Élections américaines, Silvestri (IAI) : "C'est pour ça que Trump déstabilise"

Jamais comme en ces jours, proches du scrutin de mardi 8 novembre, l'issue des élections présidentielles américaines est incertaine, très incertaine. Ce sera pour l'affaire emailgate (même si de nombreux sondeurs jurent non), ce sera plus vraisemblablement parce qu'il y a une Amérique profonde, très loin de ce que l'on perçoit de ce côté-ci de l'Atlantique, qui comme l'Europe n'est pas épargnée par les colères populistes et qui n'aura donc aucun problème à voter pour Donald Trump, le candidat qui inquiète le plus les marchés et la communauté internationale. Mais Trump est-il vraiment si dangereux ? Et que se passerait-il cependant en cas de victoire - plus si évidente - d'Hillary Clinton ? L'expliquer à FIRSTonline est Stefano Silvestri, directeur d'AffarInternazionali.it et conseiller scientifique de l'Istituto Affari Internazionali, dont il était également président.

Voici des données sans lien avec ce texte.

(* The Petersen graph has ID-index $3$.
   Context: For a finite simple connected graph $G=(V,E)$ with diameter $d$, a rank assignment is a function $f:V\to\mathbb{R}$; under $f$, the string of a vertex $v$ is the $d$-vector whose $i$-th coordinate is the sum of $f(w)$ over all vertices $w$ with $d(v,w)=i$. The ID-index $IDI(G)$ is the minimum $k$ such that there exists $f:V\to\mathbb{R}$ with $|f(V)|=k$ under which all vertices have distinct strings. *)

From HB Require Import structures.
From mathcomp Require Import all_boot all_order all_algebra.
From mathcomp Require Import reals.
Set Implicit Arguments. Unset Strict Implicit. Unset Printing Implicit Defensive.
Import Order.TTheory GRing.Theory Num.Theory.

Definition simple_graph (T : finType) (e : rel T) : Prop :=
  symmetric e /\ irreflexive e.

Fixpoint ball (T : finType) (e : rel T) (x : T) (n : nat) : {set T} :=
  match n with
  | 0 => [set x]
  | n'.+1 => ball e x n' :|: [set y | [exists z in ball e x n', e z y]]
  end.

Definition connected_graph (T : finType) (e : rel T) : Prop :=
  forall x y : T, connect e x y.

(* Graph distance: the least n with y in ball e x n (for a connected graph on
   #|T| vertices every distance is < #|T|; unreachable pairs get #|T|). *)
Definition gdist (T : finType) (e : rel T) (x y : T) : nat :=
  find (fun n => y \in ball e x n) (iota 0 #|T|).

Definition diameter (T : finType) (e : rel T) : nat :=
  \max_(p : T * T) gdist e p.1 p.2.

Definition vstring (R : realType) (T : finType) (e : rel T) (f : T -> R) (v : T)
  : seq R :=
  [seq (\sum_(w : T | gdist e v w == i) f w)%R | i <- iota 1 (diameter e)].

Definition nvalues (R : realType) (T : finType) (f : T -> R) : nat :=
  size (undup [seq f v | v <- enum T]).

Definition identifying (R : realType) (T : finType) (e : rel T) (f : T -> R) : Prop :=
  injective (vstring e f).

Definition IDI_is (R : realType) (T : finType) (e : rel T) (k : nat) : Prop :=
  (exists f : T -> R, identifying e f /\ nvalues f = k) /\
  (forall f : T -> R, identifying e f -> k <= nvalues f).

(* Petersen graph: Kneser graph K(5,2): 2-subsets of {0,...,4},
   adjacent iff disjoint. *)
Definition pvertex := {A : {set 'I_5} | #|A| == 2}.
Definition petersen_adj : rel pvertex :=
  fun A B => [disjoint (val A) & (val B)].

(* In a graph of diameter 2 the second coordinate of a string is the total
   weight minus f v minus the first one, so f is identifying exactly when
   v |-> (f v, sum of f over the neighbours of v) is injective.  If f takes only
   the values a and b, that pair is determined by whether f v = b and by how many
   of the k neighbours carry b, which leaves at most 2 (k + 1) possibilities;
   for the 3-regular Petersen graph this is 8 < 10, so two values never suffice.
   Three do, as an explicit labelling checked by computation shows. *)

From mathcomp Require Import all_boot all_order all_algebra.
From mathcomp Require Import reals.
Set Implicit Arguments. Unset Strict Implicit. Unset Printing Implicit Defensive.
Import Order.TTheory GRing.Theory Num.Theory.

Arguments ball : simpl never.

Section Balls.
Variables (T : finType) (e : rel T).

Lemma ball0 x : ball e x 0 = [set x].
Proof. by []. Qed.

Lemma ballS x n :
  ball e x n.+1 = ball e x n :|: [set y | [exists z in ball e x n, e z y]].
Proof. by []. Qed.

Lemma mem_ball1 x y : (y \in ball e x 1) = (y == x) || e x y.
Proof.
rewrite ballS ball0 !inE; congr (_ || _).
apply/existsP/idP => [[z /andP[/set1P-> //]] | exy].
by exists x; rewrite inE eqxx.
Qed.

Lemma mem_ball2 x y z : e x z -> e z y -> y \in ball e x 2.
Proof.
move=> exz ezy; rewrite ballS inE; apply/orP; right.
by rewrite inE; apply/existsP; exists z; rewrite mem_ball1 exz orbT.
Qed.

End Balls.

Lemma card_le_two_valued (M : zmodType) (T : finType) (e : rel T) (k : nat)
    (f : T -> M) (a b : M) :
  (forall v, #|[set w | e v w]| = k) -> (forall v, f v = a \/ f v = b) ->
  injective (fun v => (f v, \sum_(w | e v w) f w)%R) -> #|T| <= 2 * k.+1.
Proof.
move=> regular two_valued inj_f.
have fE w : f w = (a + (b - a) *+ (f w == b))%R.
  case: eqP => [->|nfb]; first by rewrite mulr1n addrC subrK.
  by rewrite mulr0n addr0; case: (two_valued w) => // /nfb.
pose c v := \sum_(w | e v w) (f w == b).
have c_lt v : c v < k.+1.
  rewrite ltnS -(regular v) -sum1dep_card; apply: leq_sum => w _; exact: leq_b1.
have sumE v : (\sum_(w | e v w) f w = a *+ k + (b - a) *+ c v)%R.
  rewrite (eq_bigr _ (fun w _ => fE w)) big_split /= sumrMnr -(regular v).
  by rewrite sumr_const cardsE.
pose key v : bool * 'I_k.+1 := (f v == b, Ordinal (c_lt v)).
suff /leq_card : injective key by rewrite card_prod card_bool card_ord.
move=> v w [fvw [cvw]]; apply: inj_f.
by rewrite /= !sumE cvw (fE v) (fE w) fvw.
Qed.

Lemma nvalues_le (R : realType) (T : finType) (f : T -> R) (s : seq R) :
  (forall v, f v \in s) -> nvalues f <= size s.
Proof.
move=> f_s; apply: uniq_leq_size (undup_uniq _) _ => x.
by rewrite mem_undup => /mapP[v _ ->].
Qed.

Lemma nvalues_le2_two_valued (R : realType) (T : finType) (f : T -> R) :
  nvalues f <= 2 -> exists a b, forall v, f v = a \/ f v = b.
Proof.
rewrite /nvalues; set s := undup _ => size_s.
have f_s v : f v \in s by rewrite mem_undup map_f ?mem_enum.
clearbody s; case: s size_s f_s => [|a [|b [|? ?]]] // _ f_s.
- by exists 0%R, 0%R => v; have := f_s v.
- by exists a, a => v; left; apply/eqP; rewrite -mem_seq1.
- by exists a, b => v; have := f_s v; rewrite !inE => /orP[]/eqP; [left | right].
Qed.

Section DiameterTwo.
Variables (T : finType) (e : rel T).
Hypotheses (e_irr : irreflexive e) (ball2_full : forall x y, y \in ball e x 2).
Hypothesis card_gt2 : 2 < #|T|.

Lemma gdist_diam2 x y : gdist e x y = if y == x then 0 else if e x y then 1 else 2.
Proof.
rewrite /gdist; case: #|T| card_gt2 => [|[|[|n]]] // _ /=.
by rewrite ball0 inE mem_ball1 ball2_full; case: (y == x); case: (e x y).
Qed.

Lemma diameter_diam2 x y : x != y -> ~~ e x y -> diameter e = 2.
Proof.
move=> neq_xy nadj_xy; apply/eqP; rewrite eqn_leq; apply/andP; split.
  by apply/bigmax_leqP => p _; rewrite gdist_diam2; case: ifP => //; case: ifP.
have := leq_bigmax (F := fun p : T * T => gdist e p.1 p.2) (x, y).
by rewrite /= gdist_diam2 eq_sym (negbTE neq_xy) (negbTE nadj_xy).
Qed.

Lemma sum_diam2 (M : nmodType) (f : T -> M) v :
  (\sum_w f w = f v + \sum_(w | e v w) f w + \sum_(w | (w != v) && ~~ e v w) f w)%R.
Proof.
rewrite (bigD1 v) //= (bigID (e v)) /= addrA; congr (_ + _ + _)%R.
apply: eq_bigl => w; rewrite andb_idl // => evw.
by apply: contraTneq evw => ->; rewrite e_irr.
Qed.

Hypothesis diameter2 : diameter e = 2.

Lemma vstring_diam2 (R : realType) (f : T -> R) v :
  vstring e f v = [:: \sum_(w | e v w) f w; \sum_(w | (w != v) && ~~ e v w) f w]%R.
Proof.
rewrite /vstring diameter2 /=; congr [:: _; _]; apply: eq_bigl => w; rewrite gdist_diam2;
  by case: (w =P v) => [->|/eqP nwv]; rewrite ?eqxx ?e_irr ?nwv //; case: (e v w).
Qed.

Lemma identifying_diam2 (R : realType) (f : T -> R) :
  identifying e f <-> injective (fun v => (f v, \sum_(w | e v w) f w)%R).
Proof.
split=> inj_f v w.
  case=> fvw sum1; apply: inj_f; rewrite !vstring_diam2 sum1; congr [:: _; _].
  by have := sum_diam2 f v; rewrite (sum_diam2 f w) fvw sum1 => /addrI.
rewrite !vstring_diam2 => -[sum1 sum2]; apply: inj_f; congr (_, _) => //.
by have := sum_diam2 f v; rewrite (sum_diam2 f w) sum1 sum2 => /addIr/addIr.
Qed.

Lemma nvalues_identifying_ge3 (R : realType) (k : nat) (f : T -> R) :
  (forall v, #|[set w | e v w]| = k) -> 2 * k.+1 < #|T| ->
  identifying e f -> 3 <= nvalues f.
Proof.
move=> regular card_big /identifying_diam2 inj_f; rewrite leqNgt ltnS; apply/negP.
case/nvalues_le2_two_valued => a [b two_valued].
by have := card_le_two_valued regular two_valued inj_f; rewrite leqNgt card_big.
Qed.

End DiameterTwo.

Lemma all_iotaP n (P : pred nat) : all P (iota 0 n) -> forall i : 'I_n, P i.
Proof. by move=> /allP P_all i; apply: P_all; rewrite mem_iota ltn_ord. Qed.

Lemma all_iota2P n (P : nat -> nat -> bool) :
  all (fun i => all (P i) (iota 0 n)) (iota 0 n) -> forall i j : 'I_n, P i j.
Proof. by move=> P_all i; apply: all_iotaP; exact: all_iotaP P_all i. Qed.

Lemma disjoint_set2 (T : finType) (a b c d : T) :
  [disjoint [set a; b] & [set c; d]] = [&& a != c, a != d, b != c & b != d].
Proof. by rewrite disjoints_subset subUset !sub1set !inE !negb_or -andbA. Qed.

(* Finset operations do not reduce, so the combinatorial checks are run on this
   model: index i < 10 stands for the 2-subset ppair i of {0, ..., 4}. *)
Definition petersen_pairs : seq (nat * nat) :=
  [:: (0, 1); (0, 2); (0, 3); (0, 4); (1, 2); (1, 3); (1, 4); (2, 3); (2, 4); (3, 4)].

Definition ppair (i : nat) : nat * nat := nth (0, 0) petersen_pairs i.

Definition model_adj (i j : nat) : bool :=
  [&& (ppair i).1 != (ppair j).1, (ppair i).1 != (ppair j).2,
      (ppair i).2 != (ppair j).1 & (ppair i).2 != (ppair j).2].

Definition model_sum (g : nat -> nat) (i : nat) : nat :=
  \sum_(0 <= j < 10 | model_adj i j) g j.

(* Value 1 on {0,4} and {1,3}, value 2 on {1,4}, {2,3} and {3,4}. *)
Definition model_witness (i : nat) : nat := nth 0 [:: 0; 0; 0; 1; 0; 1; 2; 2; 0; 2] i.

Lemma ppair_valid :
  all (fun i => [&& (ppair i).1 < 5, (ppair i).2 < 5 & (ppair i).1 != (ppair i).2])
      (iota 0 10).
Proof. by []. Qed.

Lemma model_twin_free :
  all (fun i => all (fun j =>
    all (fun k => model_adj i k == model_adj j k) (iota 0 10) ==> (i == j))
  (iota 0 10)) (iota 0 10).
Proof. by vm_compute. Qed.

Lemma model_ball2 :
  all (fun i => all (fun j =>
    model_adj i j || has (fun k => model_adj i k && model_adj k j) (iota 0 10))
  (iota 0 10)) (iota 0 10).
Proof. by vm_compute. Qed.

Lemma model_regular : all (fun i => model_sum (fun=> 1) i == 3) (iota 0 10).
Proof. by rewrite /model_sum unlock. Qed.

Lemma model_witness_lt3 : all (fun i => model_witness i < 3) (iota 0 10).
Proof. by []. Qed.

Lemma model_witness_inj :
  all (fun i => all (fun j =>
    [&& model_witness i == model_witness j
      & model_sum model_witness i == model_sum model_witness j] ==> (i == j))
  (iota 0 10)) (iota 0 10).
Proof. by rewrite /model_sum unlock. Qed.

Definition pair_set (i : 'I_10) : {set 'I_5} := [set inord (ppair i).1; inord (ppair i).2].

Lemma pair_set_card (i : 'I_10) : #|pair_set i| == 2.
Proof.
have /and3P[lt1 lt2 neq] := all_iotaP ppair_valid i.
by rewrite cards2 -val_eqE /= !inordK // neq.
Qed.

Definition pvertex_of (i : 'I_10) : pvertex := exist _ (pair_set i) (pair_set_card i).

Lemma petersen_adj_of (i j : 'I_10) :
  petersen_adj (pvertex_of i) (pvertex_of j) = model_adj i j.
Proof.
have /and3P[? ? _] := all_iotaP ppair_valid i.
have /and3P[? ? _] := all_iotaP ppair_valid j.
by rewrite /petersen_adj disjoint_set2 -!val_eqE /= !inordK.
Qed.

Lemma pvertex_of_inj : injective pvertex_of.
Proof.
move=> i j pv_ij; apply/val_inj/eqP/(implyP (all_iota2P model_twin_free i j)).
apply/allP => k; rewrite mem_iota => /andP[_ lt_k10].
rewrite -(petersen_adj_of i (Ordinal lt_k10)) -(petersen_adj_of j (Ordinal lt_k10)).
by rewrite pv_ij.
Qed.

Lemma card_pvertex : #|{: pvertex}| = 10.
Proof. by rewrite card_sig -cardsE card_draws card_ord. Qed.

Lemma pvertex_of_bij : bijective pvertex_of.
Proof. by apply: inj_card_bij pvertex_of_inj _; rewrite card_pvertex card_ord. Qed.

Lemma pvertex_of_surj (A : pvertex) : exists i, pvertex_of i = A.
Proof. by have [psi _ psiK] := pvertex_of_bij; exists (psi A). Qed.

Lemma sum_petersen_adj_of (F : pvertex -> nat) (g : nat -> nat) :
  (forall j, F (pvertex_of j) = g j) ->
  forall i, \sum_(w | petersen_adj (pvertex_of i) w) F w = model_sum g i.
Proof.
move=> Fg i; rewrite (reindex pvertex_of) /=; last exact: onW_bij pvertex_of_bij.
by rewrite /model_sum big_mkord; apply: eq_big => j; rewrite ?petersen_adj_of ?Fg.
Qed.

Lemma petersen_irr : irreflexive petersen_adj.
Proof.
by move=> [A cardA]; rewrite /petersen_adj /= -setI_eq0 setIid -cards_eq0 (eqP cardA).
Qed.

Lemma petersen_ball2 A B : B \in ball petersen_adj A 2.
Proof.
case: (pvertex_of_surj A) => i <-; case: (pvertex_of_surj B) => j <-.
case/orP: (all_iota2P model_ball2 i j) => [adj_ij | /hasP[k]].
  by rewrite ballS inE mem_ball1 petersen_adj_of adj_ij orbT.
rewrite mem_iota => /andP[_ lt_k10] /andP[].
rewrite -(petersen_adj_of i (Ordinal lt_k10)) -(petersen_adj_of (Ordinal lt_k10) j).
exact: mem_ball2.
Qed.

Lemma petersen_regular A : #|[set B | petersen_adj A B]| = 3.
Proof.
case: (pvertex_of_surj A) => i <-.
rewrite -sum1dep_card (sum_petersen_adj_of (g := fun=> 1)) //.
exact/eqP/(all_iotaP model_regular).
Qed.

Lemma card_pvertex_gt2 : 2 < #|{: pvertex}|.
Proof. by rewrite card_pvertex. Qed.

Lemma petersen_diameter : diameter petersen_adj = 2.
Proof.
pose i1 : 'I_10 := Ordinal (isT : 1 < 10).
have neq : pvertex_of ord0 != pvertex_of i1 by rewrite (inj_eq pvertex_of_inj).
have nadj : ~~ petersen_adj (pvertex_of ord0) (pvertex_of i1) by rewrite petersen_adj_of.
exact: diameter_diam2 petersen_ball2 card_pvertex_gt2 _ _ neq nadj.
Qed.

Lemma petersen_identifyingE (R : realType) (f : pvertex -> R) :
  identifying petersen_adj f <->
  injective (fun v => (f v, \sum_(w | petersen_adj v w) f w)%R).
Proof.
exact: identifying_diam2 petersen_irr petersen_ball2 card_pvertex_gt2 petersen_diameter R f.
Qed.

Lemma petersen_nvalues_ge3 (R : realType) (f : pvertex -> R) :
  identifying petersen_adj f -> 3 <= nvalues f.
Proof.
apply: (nvalues_identifying_ge3 petersen_irr petersen_ball2 card_pvertex_gt2 petersen_diameter)
  petersen_regular _.
by rewrite card_pvertex.
Qed.

Lemma petersen_identifying_three_valued (R : realType) :
  exists f : pvertex -> R,
    identifying petersen_adj f /\ forall v, f v \in [seq n%:R%R | n <- iota 0 3].
Proof.
have [psi pvK psiK] := pvertex_of_bij.
pose f v : R := (model_witness (psi v))%:R%R.
have sum_f i :
    (\sum_(w | petersen_adj (pvertex_of i) w) f w = (model_sum model_witness i)%:R)%R.
  by rewrite /f -natr_sum (sum_petersen_adj_of (g := model_witness)) // => j; rewrite pvK.
exists f; split => [|v].
  apply/petersen_identifyingE => v w.
  rewrite -(psiK v) -(psiK w) !sum_f /f !pvK => -[/eqP + /eqP]; rewrite !eqr_nat => fij sij.
  congr pvertex_of; apply/val_inj/eqP/(implyP (all_iota2P model_witness_inj _ _)).
  by rewrite fij sij.
by rewrite /f; apply: map_f; rewrite mem_iota (all_iotaP model_witness_lt3).
Qed.

Theorem mainTheorem10 (R : realType) :
  IDI_is R petersen_adj 3.
Proof.
split; last exact: petersen_nvalues_ge3.
have [f [f_id f_vals]] := petersen_identifying_three_valued R.
exists f; split => //; apply/eqP; rewrite eqn_leq petersen_nvalues_ge3 // andbT.
by apply: leq_trans (nvalues_le f_vals) _; rewrite size_map size_iota.
Qed.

« Les problèmes pour Clinton pourraient venir après le vote : les scandales qui l'engloutissent ne suffiront pas à une destitution mais ils pourraient l'agacer, surtout avec un Congrès à majorité républicaine », explique Silvestri qui parle d'un président éventuellement « divisé par deux ». . Mais c'est toujours mieux qu'un président imprévisible comme Trump : l'élément de prévisibilité est fondamental, notamment pour les marchés ».

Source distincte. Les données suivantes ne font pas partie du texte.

Lemma seglen_ge_nat a b :
  (forall x y, adj x y -> 1 <= w x y) -> (b <= size s)%N ->
  (b - a)%:R <= seglen w u s a b.
Proof.
move=> w_ge1 le_bs; rewrite -[leLHS]/(1 *+ (b - a)) -sumr_const_nat.
apply: ler_sum_nat => k /andP[_ lt_kb].
exact/w_ge1/adj_vtx/(leq_trans lt_kb).
Qed.

Lemma seglen_le_mulrn (W : R) a b :
  (forall x y, adj x y -> w x y <= W) -> (b <= size s)%N ->
  seglen w u s a b <= W *+ (b - a).
Proof.
move=> w_leW le_bs; rewrite -sumr_const_nat.
apply: ler_sum_nat => k /andP[_ lt_kb].
exact/w_leW/adj_vtx/(leq_trans lt_kb).
Qed.

End WalkLength.

Lemma count_iota_downclosed (P : pred nat) m :
  (forall i j, (0 < i <= j)%N -> (j <= m)%N -> P j -> P i) ->
  forall i, (0 < i <= m)%N -> P i = (i <= count P (iota 1 m))%N.
Proof.
elim: m => [|m IHm] P_down i /andP[i_gt0 le_im]; first by case: i i_gt0 le_im.
rewrite -(addn1 m) iotaD count_cat /= addn0 add1n.
have [Pm1 | nPm1] := boolP (P m.+1).
  have -> : count P (iota 1 m) = m.
    rewrite -[RHS](size_iota 1 m) -count_predT; apply: eq_in_count => j.
    by rewrite mem_iota => /andP[j_gt0 lt_jm]; apply: (P_down j m.+1); lia.
  by rewrite addn1 le_im; apply: (P_down i m.+1); rewrite ?i_gt0.
rewrite addn0; case: (ltngtP i m.+1) le_im => // [lt_im | ->] _.
  by apply: IHm; [move=> j k *; apply: (P_down j k); lia | rewrite i_gt0].
rewrite (negbTE nPm1); apply/esym/negbTE; rewrite -ltnNge ltnS.
by rewrite -[X in (_ <= X)%N](size_iota 1 m) count_size.
Qed.

Definition nbelow (f : nat -> nat) (m k : nat) : nat :=
  count (fun i => f i < k)%N (iota 1 m).

Section MonotoneLabels.
Variables (f : nat -> nat) (m : nat).

Lemma nbelow_le k : (nbelow f m k <= m)%N.
Proof. by rewrite -[X in (_ <= X)%N](size_iota 1 m) count_size. Qed.

Lemma nbelow0 : nbelow f m 0 = 0%N.
Proof. by rewrite /nbelow (@eq_count _ _ pred0) ?count_pred0. Qed.

Lemma le_nbelow : {homo nbelow f m : k l / (k <= l)%N}.
Proof. by move=> k l le_kl; apply: sub_count => i /leq_trans; apply. Qed.

Lemma nbelow_all K :
  (forall i, (0 < i <= m)%N -> (f i < K)%N) -> nbelow f m K = m.
Proof.
move=> f_lt; rewrite /nbelow -[RHS](size_iota 1 m) -count_predT.
by apply: eq_in_count => i; rewrite mem_iota => i_in; apply: f_lt; lia.
Qed.

Hypothesis f_mono : forall i j, (0 < i <= j)%N -> (j <= m)%N -> (f i <= f j)%N.

Lemma ltn_label_nbelow i k : (0 < i <= m)%N -> (f i < k)%N = (i <= nbelow f m k)%N.
Proof.
apply: count_iota_downclosed => j l le_jl le_lm; exact/leq_ltn_trans/f_mono.
Qed.

Lemma label_nbelowP i k :
  (0 < i <= m)%N -> (f i == k) = (nbelow f m k < i <= nbelow f m k.+1)%N.
Proof.
move=> i_in; rewrite -!ltn_label_nbelow // ltnNge -ltn_label_nbelow //.
by rewrite -leqNgt ltnS eq_le andbC.
Qed.

End MonotoneLabels.

(* With segment k occupying the vertices (c k, c k.+1], piece 2k is the edge
   entering segment k (empty when the segment is) and piece 2k+1 runs through it. *)
Definition expath_cut (c : nat -> nat) (M N j : nat) : nat :=
  if j == (2 * M).+1 then N
  else if odd j then minn (c j./2).+1 (c j./2.+1) else c j./2.

Section ExpathCut.
Variables (c : nat -> nat) (M N : nat).

Local Notation x := (expath_cut c M N).

Lemma expath_cut_even k : x (2 * k) = c k.
Proof.
rewrite /expath_cut ifN; last by apply/eqP; lia.
by rewrite mul2n odd_double half_double.
Qed.

Lemma expath_cut_odd k :
  (k < M)%N -> x (2 * k).+1 = minn (c k).+1 (c k.+1).
Proof.
move=> lt_kM; rewrite /expath_cut ifN; last by apply/eqP; lia.
by rewrite mul2n /= odd_double uphalf_double.
Qed.

Lemma expath_cut_top : x (2 * M).+1 = N.
Proof. by rewrite /expath_cut eqxx. Qed.

Hypotheses (c_mono : {homo c : k l / (k <= l)%N}) (c_top : c M = N.-1).

Lemma expath_cut_step j : (j < (2 * M).+1)%N -> (x j <= x j.+1)%N.
Proof.
rewrite -(odd_double_half j) -mul2n; case: (odd j); rewrite /= ?add1n ?add0n;
  set k := j./2 => lt_j.
  have -> : (2 * k).+2 = 2 * k.+1 by lia.
  by rewrite expath_cut_odd ?expath_cut_even ?geq_minr //; lia.
rewrite expath_cut_even; case: (ltngtP k M) => [lt_kM | | ->]; last 2 first.
- by move=> lt_Mk; lia.
- by rewrite expath_cut_top c_top leq_pred.
by rewrite expath_cut_odd // leq_min leqnSn c_mono.
Qed.

Lemma expath_cut_edge k : (k <= M)%N -> (x (2 * k).+1 - x (2 * k) <= 1)%N.
Proof.
rewrite expath_cut_even leq_eqVlt => /orP[/eqP -> | lt_kM].
  by rewrite expath_cut_top c_top; lia.
by rewrite expath_cut_odd //; lia.
Qed.

End ExpathCut.

Section Segments.
Variables (R : realType) (T : finType) (adj : rel T) (w : T -> T -> R).
Variables (W eps : R) (u : T) (s : seq T).
Hypotheses (eps_gt0 : 0 < eps) (s_path : path adj u s) (s_uniq : uniq (u :: s)).
Hypotheses (w_ge1 : forall x y, adj x y -> 1 <= w x y)
           (w_leW : forall x y, adj x y -> w x y <= W).
Variables (p : nat) (U : nat -> {set T}).

Local Notation n := (size s).
Local Notation len := (seglen w u s).
Local Notation L := (len 0 n).
Local Notation pre i := (len 0 i).
Local Notation suf i := (len i n).
Local Notation B := (Bnum T eps W).
Local Notation lg x := (`|flog eps x|%N).

Lemma seglen_ge0 a b : (b <= n)%N -> 0 <= len a b.
Proof.
by move=> le_bn; exact: le_trans (ler0n _ _) (seglen_ge_nat s_path a w_ge1 le_bn).
Qed.

Lemma seglen_ge1 a b : (a < b <= n)%N -> 1 <= len a b.
Proof.
case/andP=> lt_ab le_bn; apply: le_trans (seglen_ge_nat s_path a w_ge1 le_bn).
by rewrite ler1n subn_gt0.
Qed.

Lemma seglen_le_total a b : (a <= b <= n)%N -> len a b <= L.
Proof.
case/andP=> le_ab le_bn; have le_an := leq_trans le_ab le_bn.
rewrite (@seglen_cat _ _ w u s 0 a n) ?le_an // (@seglen_cat _ _ w u s a b n) ?le_ab //.
by have := seglen_ge0 0 le_an; have := seglen_ge0 b (leqnn n); lra.
Qed.

Lemma seglen_total_lt_card : (0 < n)%N -> L < #|T|%:R * W.
Proof.
move=> n_gt0; have edge0 := adj_vtx s_path n_gt0.
have W_ge1 := le_trans (w_ge1 edge0) (w_leW edge0).
have n_lt_T : (n < #|T|)%N.
  by move/card_uniqP: s_uniq => /= <-; apply: max_card.
apply: le_lt_trans (seglen_le_mulrn s_path 0 w_leW (leqnn n)) _.
rewrite subn0 -(mulr_natl W n) ltr_pM2r ?ltr_nat //; exact: lt_le_trans ltr01 W_ge1.
Qed.

Lemma flog_seglenE a b : (a < b <= n)%N -> flog eps (len a b) = (lg (len a b))%:Z.
Proof. by move=> ab_in; rewrite gez0_abs // flog_ge0 // seglen_ge1. Qed.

Commençons par la politique intérieure, ou le domaine où il y a la plus grande différence entre les deux candidats à la Maison Blanche.

"De ce point de vue, les deux candidats respectent les traditions de leurs partis : plus de dépenses publiques et plus d'impôts, notamment sur les hauts revenus, pour Hillary, alors que Trump voudrait abolir les deux et concentrer les ressources publiques sur la sécurité".

Sur les relations commerciales internationales, en revanche, les deux positions sont similaires.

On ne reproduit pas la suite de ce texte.